AAAI Conference 2019 Short Paper

APRP: An Anonymous Propagation Method in Bitcoin Network

  • Yuhang Yao
  • Xiao Zeng
  • Tianyue Cao
  • Luoyi Fu
  • Xinbing Wang

Due to little attention given to anonymous protection against eavesdropping attacks in Bitcoin network, this paper initiatively proposes a solution to Bitcoin anonymization based on network structure. We first present a general adversarial network model for formulizing deanonymization attack, then present a novel propagation method APRP(Adaptive PageRank Propagation) that adopts PageRank as propagation delay factor and constantly adjusts PR-value of nodes to adapt to network dynamics. Experiments on both simulated and real Bitcoin networks confirm the superiority of APRP in terms of 20-50% performance enhancement under various deanonymization attacks.

AAAI Conference 2018 Short Paper

Dynamic Detection of Communities and Their Evolutions in Temporal Social Networks

  • Yaowei Huang
  • Jinghuan Shang
  • Bill Lin
  • Luoyi Fu
  • Xinbing Wang

In this paper, we propose a novel community detection model, which explores the dynamic community evolutions in temporal social networks by modeling temporal affiliation strength between users and communities. Instead of transforming dynamic networks into static networks, our model utilizes normal distribution to estimate the change of affiliation strength more concisely and comprehensively.
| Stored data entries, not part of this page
Definition condH (P : {ffun V -> W} -> R) (Y : V) (Pi : {set V}) : R :=
  entropy P (Y |: Pi) - entropy P Pi.

(* A structure over the variable set S is given by its parent sets g v, v in S
   (values of g outside S are irrelevant).  Edge u -> v iff u \in g v. *)
Definition edge (S : {set V}) (g : {ffun V -> {set V}}) : rel V :=
  fun u v => (v \in S) && (u \in g v).

Definition is_dag (S : {set V}) (k : nat) (g : {ffun V -> {set V}}) : bool :=
  [forall v in S, (g v \subset S :\ v) && (#|g v| <= k)%N] &&
  [forall v, forall u, edge S g u v ==> ~~ connect (edge S g) v u].

Definition score (P : {ffun V -> W} -> R) (S : {set V}) (g : {ffun V -> {set V}}) : R :=
  - \sum_(v in S) condH P v (g v).

(* Markov equivalence (Verma--Pearl): same skeleton and same v-structures *)
Definition adj (g : {ffun V -> {set V}}) (u v : V) : bool :=
  (u \in g v) || (v \in g u).

Definition vstruct (g : {ffun V -> {set V}}) (u w v : V) : bool :=
  [&& u != w, u \in g v, w \in g v & ~~ adj g u w].

Definition markov_equiv (S : {set V}) (g1 g2 : {ffun V -> {set V}}) : Prop :=
  (forall u v, u \in S -> v \in S -> adj g1 u v = adj g2 u v) /\
  (forall u w v, u \in S -> w \in S -> v \in S -> vstruct g1 u w v = vstruct g2 u w v).

(* the empty DAG (belongs to every G_{d,k}); used only as neutral element *)
Definition empty_dag : {ffun V -> {set V}} := [ffun _ => set0].

Definition Sstar (P : {ffun V -> W} -> R) (k : nat) : R :=
  \big[Num.max/score P setT empty_dag]_(g : {ffun V -> {set V}} | is_dag setT k g)
     score P setT g.

End Defs.

From HB Require Import structures.
From mathcomp Require Import all_boot all_order all_algebra.
From mathcomp Require Import reals exp.
From mathcomp Require Import ring lra.
Set Implicit Arguments. Unset Strict Implicit. Unset Printing Implicit Defensive.
Import Order.TTheory GRing.Theory Num.Theory.
Local Open Scope ring_scope.

(* Collapse X_b onto X_a: delete X_b, replace it by X_a in every parent set, and
   give X_a the parents of whichever of X_a, X_b comes first in a topological
   order of G.  The result G' is a structure over X_1 in G_{d-1,k} in which X_a
   has a child, so by (II) it lies outside the optimal class and
   S(G') <= S(G0) - beta by (I).  Submodularity of entropy (conditioning reduces
   entropy) and the chain rule give
     H(Y | Pi - X_b + X_a) <= H(Y | Pi) + H(X_b | X_a),
     H(X_a | Pi) <= H(X_b | Pi) + H(X_a | X_b),
   so each family of G' costs at most lambda more than its counterpart in G
   (the one of X_a also absorbing the dropped family of X_b), and
   S(G) <= S(G') + (d-1) lambda.
   Finally G0 together with the family <X_b, {X_a}> lies in G_{d,k} and scores
   S(G0) - H(X_b | X_a) >= S(G0) - lambda, whence S(G) <= S^* - beta + d lambda. *)

Lemma divff_le1 (F : numFieldType) (t : F) : 0 <= t -> t / t <= 1.
Proof. by move=> t0; have [->|/divff ->//] := eqVneq t 0; rewrite mul0r. Qed.

Lemma ln_le_subr1 (R : realType) (t : R) : 0 < t -> ln t <= t - 1.
Proof. by move=> t0; have := @le_ln1Dx R (t - 1); rewrite addrCA subrr addr0; apply; lra. Qed.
Extensive quantitative and qualitative evaluation on large social network datasets show that our model achieves improvements in terms of prediction accuracy and reveals distinctive insight about evolutions of temporal social networks.

AAAI Conference 2016 Conference Paper

DRIMUX: Dynamic Rumor Influence Minimization with User Experience in Social Networks

  • Biao Wang
  • Ge Chen
  • Luoyi Fu
  • Li Song
  • Xinbing Wang
  • Xue Liu

Rumor blocking is a serious problem in large-scale social networks. Malicious rumors could cause chaos in society and hence need to be blocked as soon as possible after being detected. In this paper, we propose a model of dynamic rumor influence minimization with user experience (DRIMUX). Our goal is to minimize the influence of the rumor (i. e. , the number of users that have accepted and sent the rumor) by blocking a certain subset of nodes. A dynamic Ising propagation model considering both the global popularity and individual attraction of the rumor is presented based on realistic scenario. In addition, different from existing problems of in- fluence minimization, we take into account the constraint of user experience utility. Specifically, each node is assigned a tolerance time threshold. If the blocking time of each user exceeds that threshold, the utility of the network will decrease. Under this constraint, we then formulate the problem as a network inference problem with survival theory, and propose solutions based on maximum likelihood principle. Experiments are implemented based on large-scale real world networks and validate the effectiveness of our method.